Museum Exhibits Laughlin’s New Orleans Photos
Photographer viewed architecture as the ideal union of nature and culture.
Meaghan O'Neill -- Interior Design, 12/13/2005
While working as a photographer for the U.S. Engineer Corps from 1936 to 1941, Clarence John Laughlin documented the Mississippi River levee projects, mausoleums, antebellum mansions, and other distinctive structures that capture New Orleans’s architectural heritage. The American photographer, who died in 1985, eventually came to view architecture as the ideal union of nature and culture and, as such, one of humankind’s most significant feats.

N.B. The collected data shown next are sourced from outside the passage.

(* If $\Gamma$ is $\varepsilon$-free, $\Gamma\vdash^\varepsilon M:\tau$, and $\vdash^\varepsilon M\Downarrow R$, then $R=v$ for some $v\in V^\varepsilon$ with $\Gamma\vdash^\varepsilon v:\tau$. In particular, if $\tau=\triangleright_\alpha\tau_0$, then $v=\blacktriangleright_\alpha N$ for some $N$ with $\Gamma^{-\alpha}\vdash^\varepsilon N:\tau_0$.
   Context: MiniML. Transition variables $\alpha,\beta$; transitions $A,B$ are finite sequences of them ($\varepsilon$ empty). Types $\tau::=\mathbf{int}\mid\mathbf{bool}\mid\tau\to\tau\mid\triangleright_\alpha\tau\mid\forall\alpha.\tau$; terms $M ::= x\mid n\mid bv\mid M=M\mid M+M\mid M-M\mid M*M\mid \mathbf{if}\,M\,\mathbf{then}\,M\,\mathbf{else}\,M\mid \mathbf{fix}\,f{:}\tau\to\sigma.M\mid\lambda x{:}\tau.M\mid MM\mid\blacktriangleright_\alpha M\mid\blacktriangleleft_\alpha M\mid\Lambda\alpha.M\mid M\,A$ ($n\in\mathbb{Z}$, $bv\in\{\mathbf{true},\mathbf{false}\}$). For $B=\beta_1\cdots\beta_k$, $\triangleright_B\tau=\triangleright_{\beta_1}\cdots\triangleright_{\beta_k}\tau$, $\blacktriangleright_BM=\blacktriangleright_{\beta_1}\cdots\blacktriangleright_{\beta_k}M$, $\blacktriangleleft_BM=\blacktriangleleft_{\beta_k}\cdots\blacktriangleleft_{\beta_1}M$; $\tau[\alpha:=B]$, $M[\alpha:=B]$ are capture-avoiding, replacing $\alpha$ by $B$ in transitions and $\triangleright_\alpha,\blacktriangleright_\alpha,\blacktriangleleft_\alpha$ by $\triangleright_B,\blacktriangleright_B,\blacktriangleleft_B$. A context $\Gamma$ is a finite set $\{x_i:\tau_i@A_i\}$ with distinct $x_i$; it is $\varepsilon$-free if $A\ne\varepsilon$ for every $x:\tau@A\in\Gamma$; $\Gamma^{-A}=\{x:\tau@B\mid x:\tau@AB\in\Gamma\}$. Typing $\Gamma\vdash^AM:\tau$: (Var) $x:\tau@A\in\Gamma\Rightarrow\Gamma\vdash^Ax:\tau$; (Abs),(App) standard at a fixed stage $A$ with the bound variable declared at stage $A$; (Quote) $\Gamma\vdash^{A\alpha}M:\tau\Rightarrow\Gamma\vdash^A\blacktriangleright_\alpha M:\triangleright_\alpha\tau$; (Unquote) $\Gamma\vdash^AM:\triangleright_\alpha\tau\Rightarrow\Gamma\vdash^{A\alpha}\blacktriangleleft_\alpha M:\tau$; (Gen) $\Gamma\vdash^AM:\tau$, $\alpha$ not free in $\Gamma$ or $A$ $\Rightarrow\Gamma\vdash^A\Lambda\alpha.M:\forall\alpha.\tau$; (Ins) $\Gamma\vdash^AM:\forall\alpha.\tau\Rightarrow\Gamma\vdash^AM\,B:\tau[\alpha:=B]$; integer/Boolean constants have types $\mathbf{int}$/$\mathbf{bool}$ at any stage; $+,-,*$ take two $\mathbf{int}$ to $\mathbf{int}$, $=$ two $\mathbf{int}$ to $\mathbf{bool}$; $\mathbf{if}$ takes $\mathbf{bool}$ and two branches of a common type $\tau$ to $\tau$; (Fix) $\Gamma,f:\tau\to\sigma@A\vdash^AM:\tau\to\sigma\Rightarrow\Gamma\vdash^A\mathbf{fix}\,f{:}\tau\to\sigma.M:\tau\to\sigma$. Values: $V^\varepsilon ::= n\mid\mathbf{true}\mid\mathbf{false}\mid\lambda x{:}\tau.M\mid\blacktriangleright_\alpha V^\alpha\mid\Lambda\alpha.V^\varepsilon$; for $A\ne\varepsilon$: $V^A::= x\mid n\mid\mathbf{true}\mid\mathbf{false}\mid\lambda x{:}\tau.V^A\mid\mathbf{fix}\,f{:}\tau\to\sigma.V^A\mid V^AV^A\mid\blacktriangleright_\alpha V^{A\alpha}\mid\Lambda\alpha.V^A\mid V^A\,B\mid\blacktriangleleft_\alpha V^{A'}$ (last only if $A'\alpha=A$, $A'\ne\varepsilon$). Big-step evaluation $\vdash^A M\Downarrow R$ ($R$ a term or $\mathbf{err}$), left-to-right call-by-value. At stage $\varepsilon$: constants and $\lambda$-abstractions evaluate to themselves; arithmetic/comparison operators compute on integer results; $\mathbf{if}$ evaluates the condition to $\mathbf{true}$/$\mathbf{false}$ then the corresponding branch; $MN\Downarrow R$ if $M\Downarrow\lambda x{:}\tau.M'$, $N\Downarrow v$, $M'[x:=v]\Downarrow R$; $\mathbf{fix}\,f{:}\tau\to\sigma.M\Downarrow R$ if $M[f:=\mathbf{fix}\,f{:}\tau\to\sigma.M]\Downarrow R$; $M\,B\Downarrow R$ if $M\Downarrow\Lambda\alpha.N$ and $N[\alpha:=B]\Downarrow R$. At any stage $A$: $\vdash^A\blacktriangleright_\alpha M\Downarrow\blacktriangleright_\alpha N$ if $\vdash^{A\alpha}M\Downarrow N$; $\vdash^A\Lambda\alpha.M\Downarrow\Lambda\alpha.N$ if $\vdash^AM\Downarrow N$. $\vdash^\alpha\blacktriangleleft_\alpha M\Downarrow N$ if $\vdash^\varepsilon M\Downarrow\blacktriangleright_\alpha N$; $\vdash^{A\alpha}\blacktriangleleft_\alpha M\Downarrow\blacktriangleleft_\alpha N$ if $A\ne\varepsilon$, $\vdash^AM\Downarrow N$. At stage $A\ne\varepsilon$ other constructors are rebuilt with subterms evaluated at stage $A$. $\mathbf{err}$ is produced at stage $\varepsilon$ by a variable, by an ill-shaped intermediate result (non-integer operand, non-Boolean condition, non-$\lambda$ function, non-$\Lambda$ operand of instantiation, non-$\blacktriangleright_\alpha$ operand of $\blacktriangleleft_\alpha$ at stage $\alpha$), by $\blacktriangleleft_\alpha M$ at stage $\varepsilon$, and propagates from any evaluated premise. *)

(* MiniML with transition variables, in de Bruijn representation
   (both term variables and transition variables are de Bruijn indices). *)
From Stdlib Require Import List ZArith Bool Arith.
Import ListNotations.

Laughlin’s New Orleans photographs are the anchor of a new exhibit at the Philadelphia Museum of Art, “The Secret Life of Buildings: Photographs by Clarence John Laughlin,” on view from December 17–April 30, 2006. The work in the show is drawn from the museum’s own collection of more than 250 photographs made by Laughlin between 1940 and the mid-1960’s.

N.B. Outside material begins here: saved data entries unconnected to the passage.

Lemma fsystem_disjoint F c c' t k t' k' x :
  is_fsystem F -> c <> c' -> 0 < k <= t -> 0 < k' <= t' ->
  k + k' <= Nat.max t t' -> F c t k x -> F c' t' k' x -> False.
Proof.
  intros (_ & _ & HF2) Hc Hk Hk' Hkk' Hx Hx'.
  destruct c, c'; try congruence.
  - exact (HF2 t k t' k' x Hk Hk' Hkk' Hx Hx').
  - apply (HF2 t' k' t k x); auto. rewrite Nat.max_comm. lia.
Qed.

Lemma is_opt_exists_le {V} (adj : V -> V -> Prop) s k :
  feasible adj s k -> exists k0, is_opt adj s k0 /\ k0 <= k.
Proof.
  intros Hk.
  destruct (dec_inh_nat_subset_has_unique_least_element (feasible adj s))
    as (k0 & [Hk0 Hmin] & _); [intros n; apply classic | eauto |].
  exists k0. repeat split; auto.
Qed.

Section Loads.
Context {V : Type}.
Implicit Types (v w : V) (s p q : list V).

Definition load v s : nat :=
  count_occ (fun x y : V => excluded_middle_informative (x = y)) s v.

Lemma load_app v p q : load v (p ++ q) = load v p + load v q.
Proof. apply count_occ_app. Qed.

Lemma load_cons_self v s : load v (v :: s) = S (load v s).
Proof. now apply count_occ_cons_eq. Qed.

Lemma load_rev v s : load v (rev s) = load v s.
Proof. apply count_occ_rev. Qed.

Lemma load_repeat v w n :
  load v (repeat w n) = if excluded_middle_informative (w = v) then n else 0.
Proof.
  destruct (excluded_middle_informative (w = v)) as [<-|Hne].
  - now apply count_occ_repeat_eq.
  - apply count_occ_repeat_neq. congruence.
Qed.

“Laughlin used architecture as a point of departure for his own poetic explorations of human psychology,” says Katherine Ware, photography curator for the museum. His images of decaying buildings shrouded in shadows have a haunting quality, layered with history and memories--their “secret life,” as Laughlin described them. Poetical titles for the images seem to be inspired by his interest in the writings of French Symbolists such as Arthur Rimbaud and Charles Baudelaire.
Born in Lake Charles, Louisiana, the self-taught Laughlin is best-known for his elegiac volume Ghosts Along the Mississippi, published in 1948, which recorded dilapidated manor houses of the antebellum South. He also contributed to magazines such as Vogue and worked with the photography department at the National Archives in Washington, D.C.